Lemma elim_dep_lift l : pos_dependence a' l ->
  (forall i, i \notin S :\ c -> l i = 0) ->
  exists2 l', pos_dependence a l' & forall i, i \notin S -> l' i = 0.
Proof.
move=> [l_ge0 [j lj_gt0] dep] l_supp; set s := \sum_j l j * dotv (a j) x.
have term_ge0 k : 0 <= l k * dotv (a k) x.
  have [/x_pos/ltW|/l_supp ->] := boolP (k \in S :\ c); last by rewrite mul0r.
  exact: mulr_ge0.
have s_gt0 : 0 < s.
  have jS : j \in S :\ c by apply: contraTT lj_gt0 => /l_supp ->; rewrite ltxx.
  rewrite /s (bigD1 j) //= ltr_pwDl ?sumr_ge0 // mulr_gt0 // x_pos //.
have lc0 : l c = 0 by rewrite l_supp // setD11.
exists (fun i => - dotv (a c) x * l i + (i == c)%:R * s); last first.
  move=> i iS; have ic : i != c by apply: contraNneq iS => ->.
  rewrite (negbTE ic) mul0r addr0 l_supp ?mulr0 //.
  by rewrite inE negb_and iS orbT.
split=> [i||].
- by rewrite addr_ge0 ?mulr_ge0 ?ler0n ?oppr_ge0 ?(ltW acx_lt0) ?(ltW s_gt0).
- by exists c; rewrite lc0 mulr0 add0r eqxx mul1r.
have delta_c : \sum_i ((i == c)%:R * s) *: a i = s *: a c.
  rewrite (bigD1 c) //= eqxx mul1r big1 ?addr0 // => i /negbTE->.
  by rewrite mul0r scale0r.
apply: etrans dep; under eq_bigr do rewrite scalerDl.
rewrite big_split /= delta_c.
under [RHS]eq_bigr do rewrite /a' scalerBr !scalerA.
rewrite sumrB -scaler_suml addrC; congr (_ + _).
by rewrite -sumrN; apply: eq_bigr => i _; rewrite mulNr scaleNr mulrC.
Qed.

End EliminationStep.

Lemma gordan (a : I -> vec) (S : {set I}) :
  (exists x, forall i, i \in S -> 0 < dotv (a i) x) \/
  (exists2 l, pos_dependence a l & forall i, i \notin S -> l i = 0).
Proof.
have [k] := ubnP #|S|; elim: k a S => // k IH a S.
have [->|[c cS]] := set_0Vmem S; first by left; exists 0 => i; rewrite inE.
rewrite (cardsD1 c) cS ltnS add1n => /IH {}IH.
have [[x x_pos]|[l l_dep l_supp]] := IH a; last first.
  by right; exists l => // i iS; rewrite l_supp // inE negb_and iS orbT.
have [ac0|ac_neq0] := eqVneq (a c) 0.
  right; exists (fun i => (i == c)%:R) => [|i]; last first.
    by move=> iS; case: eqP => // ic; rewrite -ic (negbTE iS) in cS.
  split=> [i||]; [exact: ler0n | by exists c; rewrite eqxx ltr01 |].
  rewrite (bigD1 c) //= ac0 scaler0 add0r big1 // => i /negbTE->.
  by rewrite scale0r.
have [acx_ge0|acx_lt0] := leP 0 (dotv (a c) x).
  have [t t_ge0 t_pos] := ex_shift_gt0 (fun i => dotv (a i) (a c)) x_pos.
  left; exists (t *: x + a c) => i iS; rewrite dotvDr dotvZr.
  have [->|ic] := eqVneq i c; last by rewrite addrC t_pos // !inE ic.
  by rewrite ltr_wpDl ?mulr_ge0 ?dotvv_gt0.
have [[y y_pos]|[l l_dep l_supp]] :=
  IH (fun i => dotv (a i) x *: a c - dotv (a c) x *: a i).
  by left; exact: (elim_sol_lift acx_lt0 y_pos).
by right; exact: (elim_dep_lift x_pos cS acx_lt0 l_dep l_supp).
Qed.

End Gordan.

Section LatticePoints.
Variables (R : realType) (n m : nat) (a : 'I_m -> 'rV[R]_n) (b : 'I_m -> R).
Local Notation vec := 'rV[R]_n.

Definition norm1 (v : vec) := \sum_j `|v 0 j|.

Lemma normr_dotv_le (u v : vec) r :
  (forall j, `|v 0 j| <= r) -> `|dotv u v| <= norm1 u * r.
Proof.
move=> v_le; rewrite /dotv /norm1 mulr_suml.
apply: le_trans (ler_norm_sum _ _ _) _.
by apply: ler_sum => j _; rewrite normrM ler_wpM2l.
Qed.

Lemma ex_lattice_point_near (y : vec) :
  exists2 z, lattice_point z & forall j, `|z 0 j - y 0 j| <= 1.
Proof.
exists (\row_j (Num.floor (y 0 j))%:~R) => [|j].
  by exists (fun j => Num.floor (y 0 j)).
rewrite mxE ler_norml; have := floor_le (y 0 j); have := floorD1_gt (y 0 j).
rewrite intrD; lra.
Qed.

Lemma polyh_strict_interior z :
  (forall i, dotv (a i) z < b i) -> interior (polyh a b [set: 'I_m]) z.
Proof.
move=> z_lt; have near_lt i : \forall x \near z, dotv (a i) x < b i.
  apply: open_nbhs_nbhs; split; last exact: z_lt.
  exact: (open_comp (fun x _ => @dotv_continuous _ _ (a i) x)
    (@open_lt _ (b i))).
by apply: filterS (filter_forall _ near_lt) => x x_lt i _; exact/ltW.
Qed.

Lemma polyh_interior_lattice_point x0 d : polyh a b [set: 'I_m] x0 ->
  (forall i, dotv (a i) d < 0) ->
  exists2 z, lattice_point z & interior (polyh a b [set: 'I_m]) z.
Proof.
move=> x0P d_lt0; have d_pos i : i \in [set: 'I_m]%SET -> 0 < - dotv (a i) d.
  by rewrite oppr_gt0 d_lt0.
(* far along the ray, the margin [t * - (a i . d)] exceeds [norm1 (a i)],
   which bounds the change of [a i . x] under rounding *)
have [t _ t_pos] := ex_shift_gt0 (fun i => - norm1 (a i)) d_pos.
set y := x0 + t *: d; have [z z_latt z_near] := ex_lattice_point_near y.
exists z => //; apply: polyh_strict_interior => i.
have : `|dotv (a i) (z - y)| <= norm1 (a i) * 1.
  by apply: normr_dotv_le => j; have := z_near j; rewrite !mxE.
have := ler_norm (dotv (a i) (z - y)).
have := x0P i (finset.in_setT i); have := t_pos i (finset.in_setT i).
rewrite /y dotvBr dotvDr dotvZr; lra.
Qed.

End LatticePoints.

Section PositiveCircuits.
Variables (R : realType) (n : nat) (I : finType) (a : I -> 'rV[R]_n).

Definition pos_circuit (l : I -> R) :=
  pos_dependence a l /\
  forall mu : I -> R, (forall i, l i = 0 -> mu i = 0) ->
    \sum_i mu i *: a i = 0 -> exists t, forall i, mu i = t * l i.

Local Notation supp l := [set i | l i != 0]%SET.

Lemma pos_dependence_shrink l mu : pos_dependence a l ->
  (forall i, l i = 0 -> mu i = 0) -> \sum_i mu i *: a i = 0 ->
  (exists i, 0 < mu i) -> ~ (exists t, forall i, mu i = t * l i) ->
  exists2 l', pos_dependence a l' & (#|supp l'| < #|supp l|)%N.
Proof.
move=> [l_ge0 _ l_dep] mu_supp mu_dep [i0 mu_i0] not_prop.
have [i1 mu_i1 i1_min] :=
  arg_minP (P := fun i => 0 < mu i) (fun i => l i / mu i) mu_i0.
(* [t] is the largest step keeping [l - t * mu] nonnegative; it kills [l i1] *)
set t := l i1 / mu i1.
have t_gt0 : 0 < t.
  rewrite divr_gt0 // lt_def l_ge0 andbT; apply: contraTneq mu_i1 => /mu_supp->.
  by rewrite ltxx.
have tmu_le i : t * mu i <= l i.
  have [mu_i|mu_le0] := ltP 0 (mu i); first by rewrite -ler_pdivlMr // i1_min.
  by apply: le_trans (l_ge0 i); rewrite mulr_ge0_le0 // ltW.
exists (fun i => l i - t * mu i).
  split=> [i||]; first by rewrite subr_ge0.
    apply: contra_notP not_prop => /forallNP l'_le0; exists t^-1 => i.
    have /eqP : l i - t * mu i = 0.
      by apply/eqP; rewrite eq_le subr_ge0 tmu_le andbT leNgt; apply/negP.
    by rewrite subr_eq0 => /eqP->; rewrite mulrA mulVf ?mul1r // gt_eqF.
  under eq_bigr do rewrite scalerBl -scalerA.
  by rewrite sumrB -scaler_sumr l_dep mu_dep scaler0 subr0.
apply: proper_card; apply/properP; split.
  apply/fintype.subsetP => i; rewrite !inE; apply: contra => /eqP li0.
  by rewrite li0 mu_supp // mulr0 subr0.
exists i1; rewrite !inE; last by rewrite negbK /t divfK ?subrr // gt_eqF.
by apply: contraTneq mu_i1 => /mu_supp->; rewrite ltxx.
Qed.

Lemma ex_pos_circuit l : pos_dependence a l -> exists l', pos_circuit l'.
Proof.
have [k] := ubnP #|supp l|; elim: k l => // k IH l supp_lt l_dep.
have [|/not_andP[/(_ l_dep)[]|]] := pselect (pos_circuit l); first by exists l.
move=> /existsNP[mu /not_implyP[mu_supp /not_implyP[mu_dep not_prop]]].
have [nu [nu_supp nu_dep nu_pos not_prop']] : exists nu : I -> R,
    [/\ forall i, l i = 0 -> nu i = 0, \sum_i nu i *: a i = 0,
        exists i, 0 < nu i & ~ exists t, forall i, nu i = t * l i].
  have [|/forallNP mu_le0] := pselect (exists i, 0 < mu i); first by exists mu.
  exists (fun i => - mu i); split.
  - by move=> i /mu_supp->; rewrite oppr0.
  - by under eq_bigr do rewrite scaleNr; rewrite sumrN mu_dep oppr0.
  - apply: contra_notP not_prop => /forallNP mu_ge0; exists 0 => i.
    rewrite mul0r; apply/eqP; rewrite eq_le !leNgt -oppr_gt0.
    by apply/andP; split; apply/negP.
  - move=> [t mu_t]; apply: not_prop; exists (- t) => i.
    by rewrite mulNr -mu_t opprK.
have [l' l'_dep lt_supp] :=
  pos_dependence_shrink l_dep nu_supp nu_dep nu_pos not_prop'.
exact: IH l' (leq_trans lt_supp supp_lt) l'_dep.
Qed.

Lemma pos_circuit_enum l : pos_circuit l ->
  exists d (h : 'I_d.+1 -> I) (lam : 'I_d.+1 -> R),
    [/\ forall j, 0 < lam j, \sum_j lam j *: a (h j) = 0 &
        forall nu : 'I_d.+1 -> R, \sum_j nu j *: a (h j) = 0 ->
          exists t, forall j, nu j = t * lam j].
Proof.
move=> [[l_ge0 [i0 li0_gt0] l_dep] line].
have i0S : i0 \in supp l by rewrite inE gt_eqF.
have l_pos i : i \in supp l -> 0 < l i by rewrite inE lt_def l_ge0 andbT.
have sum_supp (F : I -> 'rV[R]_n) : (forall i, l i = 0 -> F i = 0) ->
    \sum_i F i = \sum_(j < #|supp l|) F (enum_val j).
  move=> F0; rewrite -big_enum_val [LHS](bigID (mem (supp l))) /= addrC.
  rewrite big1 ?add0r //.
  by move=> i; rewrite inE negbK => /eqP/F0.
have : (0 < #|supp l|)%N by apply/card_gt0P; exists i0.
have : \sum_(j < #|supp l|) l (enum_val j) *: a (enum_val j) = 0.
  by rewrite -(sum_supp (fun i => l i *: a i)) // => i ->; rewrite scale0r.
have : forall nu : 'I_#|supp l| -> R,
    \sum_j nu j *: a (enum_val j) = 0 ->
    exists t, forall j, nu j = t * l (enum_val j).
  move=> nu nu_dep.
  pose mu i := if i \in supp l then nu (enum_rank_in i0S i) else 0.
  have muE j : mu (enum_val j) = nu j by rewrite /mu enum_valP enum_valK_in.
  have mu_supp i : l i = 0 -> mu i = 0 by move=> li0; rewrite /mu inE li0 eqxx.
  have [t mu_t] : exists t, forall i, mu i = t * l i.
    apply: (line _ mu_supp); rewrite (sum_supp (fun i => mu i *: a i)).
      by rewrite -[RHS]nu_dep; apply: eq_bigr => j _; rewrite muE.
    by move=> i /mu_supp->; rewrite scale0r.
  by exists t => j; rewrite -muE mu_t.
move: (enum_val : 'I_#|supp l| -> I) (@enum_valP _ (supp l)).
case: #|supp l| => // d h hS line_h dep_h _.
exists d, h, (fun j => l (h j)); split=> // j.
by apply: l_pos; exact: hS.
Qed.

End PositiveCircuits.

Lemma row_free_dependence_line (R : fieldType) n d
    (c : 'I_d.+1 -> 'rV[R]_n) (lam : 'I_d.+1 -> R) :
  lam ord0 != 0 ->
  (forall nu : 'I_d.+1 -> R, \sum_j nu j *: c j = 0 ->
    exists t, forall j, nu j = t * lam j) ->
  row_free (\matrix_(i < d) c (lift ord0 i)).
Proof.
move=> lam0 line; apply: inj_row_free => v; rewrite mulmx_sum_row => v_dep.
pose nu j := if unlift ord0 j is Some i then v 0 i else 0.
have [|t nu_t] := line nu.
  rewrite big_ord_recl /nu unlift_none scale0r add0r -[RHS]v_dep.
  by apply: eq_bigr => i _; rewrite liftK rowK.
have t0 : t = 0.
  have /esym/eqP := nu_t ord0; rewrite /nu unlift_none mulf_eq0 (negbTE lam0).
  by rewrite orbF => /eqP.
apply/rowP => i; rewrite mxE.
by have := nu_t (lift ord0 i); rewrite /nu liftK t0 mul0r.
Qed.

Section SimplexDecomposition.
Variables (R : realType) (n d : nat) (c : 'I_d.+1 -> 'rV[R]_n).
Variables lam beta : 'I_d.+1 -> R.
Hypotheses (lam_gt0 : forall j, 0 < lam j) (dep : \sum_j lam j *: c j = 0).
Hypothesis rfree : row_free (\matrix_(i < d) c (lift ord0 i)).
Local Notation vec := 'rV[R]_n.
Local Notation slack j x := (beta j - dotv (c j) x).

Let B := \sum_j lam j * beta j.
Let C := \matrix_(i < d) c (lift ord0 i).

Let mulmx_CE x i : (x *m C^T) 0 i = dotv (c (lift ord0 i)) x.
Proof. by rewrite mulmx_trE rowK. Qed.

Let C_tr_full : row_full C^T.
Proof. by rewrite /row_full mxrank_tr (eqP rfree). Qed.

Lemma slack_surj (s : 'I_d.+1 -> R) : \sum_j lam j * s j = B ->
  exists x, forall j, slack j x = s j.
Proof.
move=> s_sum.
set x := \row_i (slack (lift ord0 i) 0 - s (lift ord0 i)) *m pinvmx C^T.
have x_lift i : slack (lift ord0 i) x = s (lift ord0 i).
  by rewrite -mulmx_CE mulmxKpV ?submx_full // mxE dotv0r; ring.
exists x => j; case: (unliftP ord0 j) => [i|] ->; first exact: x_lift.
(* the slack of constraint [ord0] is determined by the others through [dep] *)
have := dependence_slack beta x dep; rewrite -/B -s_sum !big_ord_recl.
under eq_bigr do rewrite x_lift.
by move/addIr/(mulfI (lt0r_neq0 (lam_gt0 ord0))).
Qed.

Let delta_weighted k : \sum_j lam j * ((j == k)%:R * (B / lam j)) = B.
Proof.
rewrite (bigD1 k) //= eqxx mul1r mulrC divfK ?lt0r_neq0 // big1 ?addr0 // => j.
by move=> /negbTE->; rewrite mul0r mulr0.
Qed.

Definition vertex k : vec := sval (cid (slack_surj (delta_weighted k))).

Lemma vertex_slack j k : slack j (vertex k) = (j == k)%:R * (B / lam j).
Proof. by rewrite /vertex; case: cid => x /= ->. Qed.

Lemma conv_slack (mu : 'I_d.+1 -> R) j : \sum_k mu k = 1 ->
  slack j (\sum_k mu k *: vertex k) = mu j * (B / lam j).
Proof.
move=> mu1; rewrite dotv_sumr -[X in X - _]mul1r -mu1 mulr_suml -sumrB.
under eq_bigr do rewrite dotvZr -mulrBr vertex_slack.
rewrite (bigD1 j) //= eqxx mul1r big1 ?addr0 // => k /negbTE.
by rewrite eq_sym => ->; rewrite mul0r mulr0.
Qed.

▶ _Task directions_:
Look above for the line with "by apply: le_trans" and the line with "have /eqP : l i - t * mu i = 0.", and reproduce exactly those two lines plus every line between, nothing more.

▶ _Task result_:
  by apply: le_trans (l_ge0 i); rewrite mulr_ge0_le0 // ltW.
exists (fun i => l i - t * mu i).
  split=> [i||]; first by rewrite subr_ge0.
    apply: contra_notP not_prop => /forallNP l'_le0; exists t^-1 => i.
    have /eqP : l i - t * mu i = 0.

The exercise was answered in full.